CIOs across the board are feeling pressure from somewhere – whether it’s their CEO, their employees, customers, partners or the general shift in the market – to implement the latest cloud-based IT technology for efficiency, agility and economy. But they also need to take advantage of their existing IT infrastructure to maximise return on investment.

These leaders are finding that they can create hybrid clouds to get the best of both worlds. They can cut costs by storing and sharing some data and applications internally in a private cloud. And they can nimbly develop new applications and store voluminous amounts of unstructured information for big data analytics in public clouds. They lease that capacity from cloud-hosting companies that specialise in data management, while integrating these capabilities into their existing on premise infrastructure.

The key is to figure out what data and what applications fit best in which place. Then figure out where they have to interact. Get the right software tools for managing the hybrid environment. It requires careful planning to manage a private cloud and a third party public cloud host. But for companies that want to get the benefit of new technology while still needing to provide bullet-proof continuity of operations, the old and the new need to work together.

Many established companies with significant IT infrastructure are making the decision to develop a hybrid cloud. For example, NiSource Inc., one of the largest natural-gas transmission companies in the U.S., recently said that it plans to move to a hybrid cloud.

Companies today typically use three types of computing: dedicated servers in the corporate data centre that run key applications; pooled resources in a private cloud in the corporate data centre; and resources that are run by public cloud providers and accessed over the Internet. Mixing and blending any of these deployment models creates a hybrid cloud.

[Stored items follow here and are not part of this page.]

Lemma exists_full_supp_subspace : (3 <= m)%N -> (2 < #|F|)%N ->
  exists D : {vspace 'rV[F]_n}, [/\ (D <= C)%VS, (\dim D + m <= \dim C + 1)%N
     & Supp (fun x => x \in D) = [set: 'I_n]].
Proof.
move=> m3 F2.
have /card_gt2P[l0 [l1 [l2 [_ [n01 n12 n20]]]]] : (2 < #|'I_m|)%N by rewrite card_ord.
rewrite eq_sym in n20.
have [lam [lam0 lamU]] := exists_nowhere_zero_nonvanishing (c := fun j l => lift_mx l j)
  F2 n01 n20 n12 (card_uncovered_lt n01) (fun j jU l => lift_mx_neq0 l jU).
pose xs := \row_l lam l *m lift_mx.
have xsE j : xs 0 j = \sum_l lift_mx l j * lam l.
  by rewrite mxE; apply: eq_bigr => l _; rewrite mxE mulrC.
have xsD : xs \in (shortened + <[xs]>)%VS by apply/(subvP (addvSr _ _))/memv_line.
exists (shortened + <[xs]>)%VS; split.
- by rewrite subv_add capvSl -memvE mem_lift_mx.
- have dim_xs : (\dim <[xs]> <= 1)%N by rewrite dim_vline; case: (xs != 0).
  apply: leq_trans (leq_add (dimv_add_leqif _ _).1 (leqnn m)) _.
  by rewrite addnAC leq_add ?dim_shortened.
apply/setP => j; rewrite inE.
suff [x xD xj] : exists2 x, x \in (shortened + <[xs]>)%VS & x 0 j != 0.
  by apply/bigcupP; exists x; rewrite ?inE.
have [/imsetP[l _ ->]|jS] := boolP (j \in sel_coords).
  by exists xs => //; rewrite -mul_sel_mx -mulmxA lift_mxK mulmx1 mxE.
have [/existsP[z /andP[zK zj]]|] := boolP [exists z, (z \in shortened) && (z 0 j != 0)].
  by exists z => //; rewrite (subvP (addvSl _ _)).
rewrite negb_exists => /forallP jK.
have jU : j \in uncovered.
  rewrite inE jS; apply/forallP => z; apply/implyP => zK.
  by move: (jK z); rewrite zK negbK.
by exists xs => //; rewrite xsE lamU.
Qed.

End FirstCoordinates.

Theorem mainTheorem10 (F : finFieldType) (n : nat) (C : {vspace 'rV[F]_n}) :
  odd #|F| ->
  (exists2 y, y \in dual C & y != 0) ->
  (3 < min_dist (dual C))%N ->
  exists r, covering_dim C r /\ (r + min_dist (dual C) <= \dim C + 2)%N.
Proof.
move=> oddF [y yC y0] d3; set d := min_dist (dual C) in d3 *.
have d_le y' : y' \in dual C -> y' != 0 -> (d <= wt y')%N.
  move=> y'C y'0; apply: bigminn_le; first exact: mem_index_enum.
  by rewrite y'C y'0.
have wt_gt y' : y' \in dual C -> y' != 0 -> (d.-1 < wt y')%N.
  by move=> y'C y'0; rewrite prednK ?d_le //; lia.
have le_mn : (d.-1 <= n)%N.
  apply: ltnW (leq_trans (wt_gt y yC y0) _).
  by rewrite /wt -[X in (_ <= X)%N]card_ord max_card.
have F2 : (2 < #|F|)%N by move: (card_finNzRing_gt1 F) oddF; case: #|F| => [|[|[]]].
have [|D [DC dimD SD]] := exists_full_supp_subspace le_mn wt_gt _ F2; first by lia.
have [|r covr le_r] := covering_dim_le _ DC SD; first by lia.
by exists r; split => //; lia.
Qed.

Most established enterprises can’t simply close their data centres and move IT to an outside provider. In some cases they have handcrafted, 20-year old applications that are vital to services provided to a few key customers. Some ERP systems have been tuned over 20 years, and downtime would threaten corporate viability. Such applications may simply be too fragile to move. In those cases it often will be more cost effective to keep legacy applications running on isolated specialised servers rather than moving them to virtualised private cloud servers. In other cases, there will be specialised data that is subject to regulatory or legal constraints.

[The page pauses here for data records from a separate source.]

Lemma sum_card_rel (I J : finType) (A : {set I}) (r : I -> J -> bool) :
  (\sum_(i in A) #|[set j | r i j]| = \sum_j #|[set i in A | r i j]|)%N.
Proof.
have card_pred (T : finType) (P : pred T) : #|[set x | P x]| = (\sum_x P x)%N.
  by rewrite -sum1_card big_mkcond; apply: eq_bigr => x _; rewrite inE; case: (P x).
under eq_bigr do rewrite card_pred.
rewrite exchange_big; apply: eq_bigr => j _.
rewrite card_pred big_mkcond; apply: eq_bigr => i _.
by case: (i \in A); case: (r i j).
Qed.

Section AdditiveForm.
Variables (V : finZmodType) (S : {set V}) (psi : V -> 'F_2).
Hypotheses (S_add : {in S &, forall x y, x + y \in S})
  (psi_add : {in S &, {morph psi : x y / x + y}}).
Variables (c0 : V) (c0S : c0 \in S) (psi_c0 : psi c0 = 1).

Lemma card_fibre0_fibre1 :
  #|[set x in S | psi x == 0]| = #|[set x in S | psi x == 1]|.
Proof.
have transl_sub b : [set x + c0 | x in [set x in S | psi x == b]]
                      \subset [set x in S | psi x == b + 1].
  apply/subsetP => y /imsetP[x]; rewrite !inE => /andP[xS /eqP <-] ->.
  by rewrite S_add // psi_add // psi_c0 eqxx.
have := transl_sub 0; have := transl_sub 1.
move=> /subset_leq_card + /subset_leq_card; rewrite !card_imset; try exact: addIr.
by rewrite add0r addrr_pchar2 ?pchar_Fp // => ? ?; apply/eqP; rewrite eqn_leq; apply/andP.
Qed.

But building a private cloud in the corporate data centre will cut costs and increase flexibility. In a private cloud, virtual servers can handle hundreds of workloads on a single physical server. Data centre architects don’t need to dedicate storage devices to a single application. While some jobs still run on dedicated computers, CIOs treat most of the computing capacity in the data centres as a pooled resource — in effect, a private cloud that is allocated on demand.

The data centre has long been the symbolic heart of the CIO’s domain. For many years, corporate data centres continuously required more space and more electric power. But the virtualisation revolution that started in 1998 meant many applications could run on a single server, and most companies have been consolidating workloads on servers ever since.

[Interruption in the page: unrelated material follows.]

(* Consider the lower-bound type system, and assume the program is well-typed w.r.t. the signature $\Sigma$ in that system. Let $\models E:\Gamma$, $E\vdash e\Downarrow v$, and suppose $\Sigma;\Gamma\vdash^{q}_{q'}e:A$ is derivable in the lower-bound type system. Then for all $p,p'\in\mathbb Q_{\ge0}$ with $E\vdash^{p}_{p'}e\Downarrow v$ we have $$q+\Phi_E(\Gamma)-\bigl(q'+\Phi(v:A)\bigr)\le p-p'.$$
   Context: Base types: $T ::= \mathsf{unit}\mid\mathsf{bool}\mid\mathsf{int}\mid L(T)\mid T*T$. Values: $v ::= () \mid \mathsf{true}\mid\mathsf{false}\mid n\ (n\in\mathbb Z)\mid [v_1,\dots,v_n]\ (n\ge 0$, the empty list being $\mathsf{nil})\mid (v_1,v_2)$. Value typing $\models v:T$: $()$ has type $\mathsf{unit}$, booleans have type $\mathsf{bool}$, integers have type $\mathsf{int}$, $(v_1,v_2):T_1*T_2$ if $\models v_i:T_i$, and $[v_1,\dots,v_n]:L(T)$ if every $\models v_i:T$ (so $\mathsf{nil}$ has every list type). Expressions (let-normal form; $x,x_i$ are variables, $f$ function identifiers): $e ::= () \mid \mathsf{true}\mid \mathsf{false}\mid n\mid x\mid \mathrm{op}_\diamond(x_1,x_2)\mid \mathrm{app}(f,x)\mid \mathrm{if}(x,e_t,e_f)\mid \mathrm{let}(x,e_1,x.e_2)\mid \mathrm{pair}(x_1,x_2)\mid \mathrm{match}(x,(x_1,x_2).e)\mid \mathsf{nil}\mid \mathrm{cons}(x_1,x_2)\mid\mathrm{match}(x,e_1,(x_h,x_t).e_2)\mid\mathrm{share}(x,(x_1,x_2).e)$, with $\diamond\in\{+,-,*,\mathrm{div},\mathrm{mod},=,<>,<,>,\mathrm{and},\mathrm{or}\}$. A program fixes for each function identifier $f$ a body $e_f$ with a single parameter variable $y^f$. An environment $E$ is a finite map from variables to values. Cost semantics: fix arbitrary rational constants $K^{\mathrm{unit}},K^{\mathrm{bool}},K^{\mathrm{int}},K^{\mathrm{nil}},K^{\mathrm{var}},K^{\mathrm{op}},K^{\mathrm{app}},K^{\mathrm{let}},K^{\mathrm{cond}},K^{\mathrm{pair}},K^{\mathrm{matchP}},K^{\mathrm{cons}},K^{\mathrm{matchN}},K^{\mathrm{matchL}}$. The judgement $E\vdash^{q}_{q'} e\Downarrow v$ (all counters $q,q'$ occurring in derivations are in $\mathbb Q_{\ge0}$) is defined inductively: $E\vdash^{q+K^{c}}_{q}c\Downarrow c$ for constants $c\in\{(),\mathsf{true},\mathsf{false},n,\mathsf{nil}\}$ with the corresponding constant $K^{\mathrm{unit}},K^{\mathrm{bool}},K^{\mathrm{int}},K^{\mathrm{nil}}$; $E\vdash^{q+K^{\mathrm{var}}}_q x\Downarrow E(x)$ for $x\in\mathrm{dom}(E)$; $E\vdash^{q+K^{\mathrm{op}}}_q\mathrm{op}_\diamond(x_1,x_2)\Downarrow E(x_1)\diamond E(x_2)$; $E\vdash^{q+K^{\mathrm{pair}}}_q \mathrm{pair}(x_1,x_2)\Downarrow (E(x_1),E(x_2))$; $E\vdash^{q+K^{\mathrm{cons}}}_q\mathrm{cons}(x_h,x_t)\Downarrow[v_1,\dots,v_n]$ if $E(x_h)=v_1$ and $E(x_t)=[v_2,\dots,v_n]$; if $E[y^f\mapsto E(x)]\vdash^q_{q'}e_f\Downarrow v$ then $E\vdash^{q+K^{\mathrm{app}}}_{q'}\mathrm{app}(f,x)\Downarrow v$; if $E\vdash^{q-K^{\mathrm{let}}}_{q_1}e_1\Downarrow v_1$ and $E[x\mapsto v_1]\vdash^{q_1}_{q'}e_2\Downarrow v$ then $E\vdash^q_{q'}\mathrm{let}(x,e_1,x.e_2)\Downarrow v$; if $E(x)=\mathsf{true}$ and $E\vdash^{q-K^{\mathrm{cond}}}_{q'}e_t\Downarrow v$ (resp. $E(x)=\mathsf{false}$ and $E\vdash^{q-K^{\mathrm{cond}}}_{q'}e_f\Downarrow v$) then $E\vdash^q_{q'}\mathrm{if}(x,e_t,e_f)\Downarrow v$; if $E(x)=(v_1,v_2)$ and $E[x_1\mapsto v_1,x_2\mapsto v_2]\vdash^{q-K^{\mathrm{matchP}}}_{q'}e\Downarrow v$ then $E\vdash^q_{q'}\mathrm{match}(x,(x_1,x_2).e)\Downarrow v$; if $E(x)=\mathsf{nil}$ and $E\vdash^{q-K^{\mathrm{matchN}}}_{q'}e_1\Downarrow v$ then $E\vdash^q_{q'}\mathrm{match}(x,e_1,(x_h,x_t).e_2)\Downarrow v$; if $E(x)=[v_1,\dots,v_n]$ with $n\ge1$ and $E[x_h\mapsto v_1,x_t\mapsto[v_2,\dots,v_n]]\vdash^{q-K^{\mathrm{matchL}}}_{q'}e_2\Downarrow v$ then $E\vdash^q_{q'}\mathrm{match}(x,e_1,(x_h,x_t).e_2)\Downarrow v$; if $E(x)=v_1$ and $(E\setminus\{x\})[x_1\mapsto v_1,x_2\mapsto v_1]\vdash^q_{q'}e\Downarrow v$ then $E\vdash^q_{q'}\mathrm{share}(x,(x_1,x_2).e)\Downarrow v$. We write $E\vdash e\Downarrow v$ if $E\vdash^q_{q'}e\Downarrow v$ for some $q,q'$. Resource-annotated types: $A ::= \mathsf{unit}\mid\mathsf{bool}\mid\mathsf{int}\mid L^p(A)\mid A*A$ with $p\in\mathbb Q_{\ge0}$; $|A|$ denotes the base type obtained by erasing annotations. An annotated context $\Gamma$ is a finite map from variables to annotated types; $\Gamma_1,\Gamma_2$ denotes the union of contexts with disjoint domains (contexts are unordered). $\models E:\Gamma$ means $\models E(x):|\Gamma(x)|$ for all $x\in\mathrm{dom}(\Gamma)$. Potential: $\Phi(v:A)=0$ for $A\in\{\mathsf{unit},\mathsf{bool},\mathsf{int}\}$; $\Phi((v_1,v_2):A_1*A_2)=\Phi(v_1:A_1)+\Phi(v_2:A_2)$; $\Phi([v_1,\dots,v_n]:L^p(A))=n\cdot p+\sum_{i=1}^n\Phi(v_i:A)$; $\Phi_E(\Gamma)=\sum_{x\in\mathrm{dom}(\Gamma)}\Phi(E(x):\Gamma(x))$. Sharing relation: $\curlyvee(A\mid A,A)$ for $A\in\{\mathsf{unit},\mathsf{bool},\mathsf{int}\}$; $\curlyvee(A*B\mid A_1*B_1,A_2*B_2)$ if $\curlyvee(A\mid A_1,A_2)$ and $\curlyvee(B\mid B_1,B_2)$; $\curlyvee(L^p(A)\mid L^{p_1}(A_1),L^{p_2}(A_2))$ if $\curlyvee(A\mid A_1,A_2)$ and $p=p_1+p_2$. Subtyping $\preceq$: $A\preceq A$ for atoms; $L^{p_1}(A_1)\preceq L^{p_2}(A_2)$ if $A_1\preceq A_2$ and $p_1\le p_2$; $A_1*B_1\preceq A_2*B_2$ if $A_1\preceq A_2$ and $B_1\preceq B_2$. A signature $\Sigma$ maps function identifiers to nonempty sets of annotated function types $A_1\xrightarrow{q/q'}A_2$ ($q,q'\in\mathbb Q_{\ge0}$). Typing judgements $\Sigma;\Gamma\vdash^{q}_{q'}e:A$ with $q,q'\in\mathbb Q_{\ge0}$ (every annotation in a rule instance must be a nonnegative rational). Syntax-directed rules: $\Sigma;\emptyset\vdash^{K^{\mathrm{unit}}}_0():\mathsf{unit}$; $\Sigma;\emptyset\vdash^{K^{\mathrm{bool}}}_0 b:\mathsf{bool}$; $\Sigma;\emptyset\vdash^{K^{\mathrm{int}}}_0 n:\mathsf{int}$; $\Sigma;\emptyset\vdash^{K^{\mathrm{nil}}}_0\mathsf{nil}:L^p(A)$; $\Sigma;x:A\vdash^{K^{\mathrm{var}}}_0x:A$; $\Sigma;x_1:\mathsf{bool},x_2:\mathsf{bool}\vdash^{K^{\mathrm{op}}}_0\mathrm{op}_\diamond(x_1,x_2):\mathsf{bool}$ for $\diamond\in\{\mathrm{and},\mathrm{or}\}$; $\Sigma;x_1:\mathsf{int},x_2:\mathsf{int}\vdash^{K^{\mathrm{op}}}_0\mathrm{op}_\diamond(x_1,x_2):\mathsf{bool}$ for comparisons and $:\mathsf{int}$ for $+,-,*,\mathrm{div},\mathrm{mod}$; if $A_1\xrightarrow{q/q'}A_2\in\Sigma(f)$ then $\Sigma;x:A_1\vdash^{q+K^{\mathrm{app}}}_{q'}\mathrm{app}(f,x):A_2$; from $\Sigma;\Gamma_1\vdash^{q-K^{\mathrm{let}}}_{q_1}e_1:A_1$ and $\Sigma;\Gamma_2,x:A_1\vdash^{q_1}_{q'}e_2:A_2$ infer $\Sigma;\Gamma_1,\Gamma_2\vdash^q_{q'}\mathrm{let}(x,e_1,x.e_2):A_2$; from $\Sigma;\Gamma\vdash^{q-K^{\mathrm{cond}}}_{q'}e_t:A$ and $\Sigma;\Gamma\vdash^{q-K^{\mathrm{cond}}}_{q'}e_f:A$ infer $\Sigma;\Gamma,x:\mathsf{bool}\vdash^q_{q'}\mathrm{if}(x,e_t,e_f):A$; $\Sigma;x_1:A_1,x_2:A_2\vdash^{K^{\mathrm{pair}}}_0\mathrm{pair}(x_1,x_2):A_1*A_2$; from $\Sigma;\Gamma,x_1:A_1,x_2:A_2\vdash^{q-K^{\mathrm{matchP}}}_{q'}e:A$ infer $\Sigma;\Gamma,x:A_1*A_2\vdash^q_{q'}\mathrm{match}(x,(x_1,x_2).e):A$; $\Sigma;x_h:A,x_t:L^p(A)\vdash^{p+K^{\mathrm{cons}}}_0\mathrm{cons}(x_h,x_t):L^p(A)$; from $\Sigma;\Gamma\vdash^{q-K^{\mathrm{matchN}}}_{q'}e_1:B$ and $\Sigma;\Gamma,x_h:A,x_t:L^p(A)\vdash^{q+p-K^{\mathrm{matchL}}}_{q'}e_2:B$ infer $\Sigma;\Gamma,x:L^p(A)\vdash^q_{q'}\mathrm{match}(x,e_1,(x_h,x_t).e_2):B$; from $\Sigma;\Gamma,x_1:A_1,x_2:A_2\vdash^q_{q'}e:B$ and $\curlyvee(A\mid A_1,A_2)$ infer $\Sigma;\Gamma,x:A\vdash^q_{q'}\mathrm{share}(x,(x_1,x_2).e):B$. Structural rules of the lower-bound system: (Relax) from $\Sigma;\Gamma\vdash^p_{p'}e:A$, $q\ge p$ and $q-p\le q'-p'$ infer $\Sigma;\Gamma\vdash^q_{q'}e:A$; (Weakening) from $\Sigma;\Gamma\vdash^q_{q'}e:B$ and $\curlyvee(A\mid A,A)$ infer $\Sigma;\Gamma,x:A\vdash^q_{q'}e:B$; (Subtype) from $\Sigma;\Gamma\vdash^q_{q'}e:A$ and $A\preceq B$ infer $\Sigma;\Gamma\vdash^q_{q'}e:B$; (Supertype) from $\Sigma;\Gamma,x:B\vdash^q_{q'}e:C$ and $A\preceq B$ infer $\Sigma;\Gamma,x:A\vdash^q_{q'}e:C$. The program is well-typed w.r.t. $\Sigma$ in this system if for every $f$ and every $A_1\xrightarrow{q/q'}A_2\in\Sigma(f)$, $\Sigma;y^f:A_1\vdash^q_{q'}e_f:A_2$ is derivable. *)

From Stdlib Require Import QArith ZArith List Permutation.
Open Scope Q_scope.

Adopting hybrid-cloud architecture means most enterprises already have all the bricks-and-mortar data centre space they will ever need. CIOs can stop worrying about how to enlarge their data centres or obtain more electric power for air-conditioning.

Most companies are using some public-cloud infrastructure as well. Sometimes IT departments have made a decision to use the cloud for testing or development of new applications. In other cases a marketing executive or a researcher has bypassed IT to use a new application, expensing the cost on a corporate credit card. In most companies, it’s important for the IT department to have a handle on all corporate data, and know what might be going off company servers.

There are ample positive reasons for CIOs to embrace the cloud. Last year, my company, IBM commissioned a survey of top executives at 800 enterprises around the world about a range of issues. That study revealed that the majority are using cloud to integrate and apply mobile, social and big data technologies. The cloud is paying off for those companies. Those with high cloud adoption are reporting almost double the revenue growth and nearly 2.5 times higher gross profit growth than peer companies.

Embracing the cloud makes it easier for the IT department to be seen as a partner in new initiatives for other departments. Historically, IT has often been seen as a barrier. Budget constraints and the need to buy and install hardware meant that any new project required months of activity by IT before operating groups could get access. When using a public cloud, a few days or weeks of coding by IT developers can be enough to launch a new product. Our survey found that 66% of organisations are using cloud to strengthen the relationship between IT and lines of business.

Embracing the cloud isn’t an all-or-nothing proposition. The hybrid cloud is the route to cloud computing that will be most comfortable and cost efficient for large enterprises with long-established IT departments and data centres.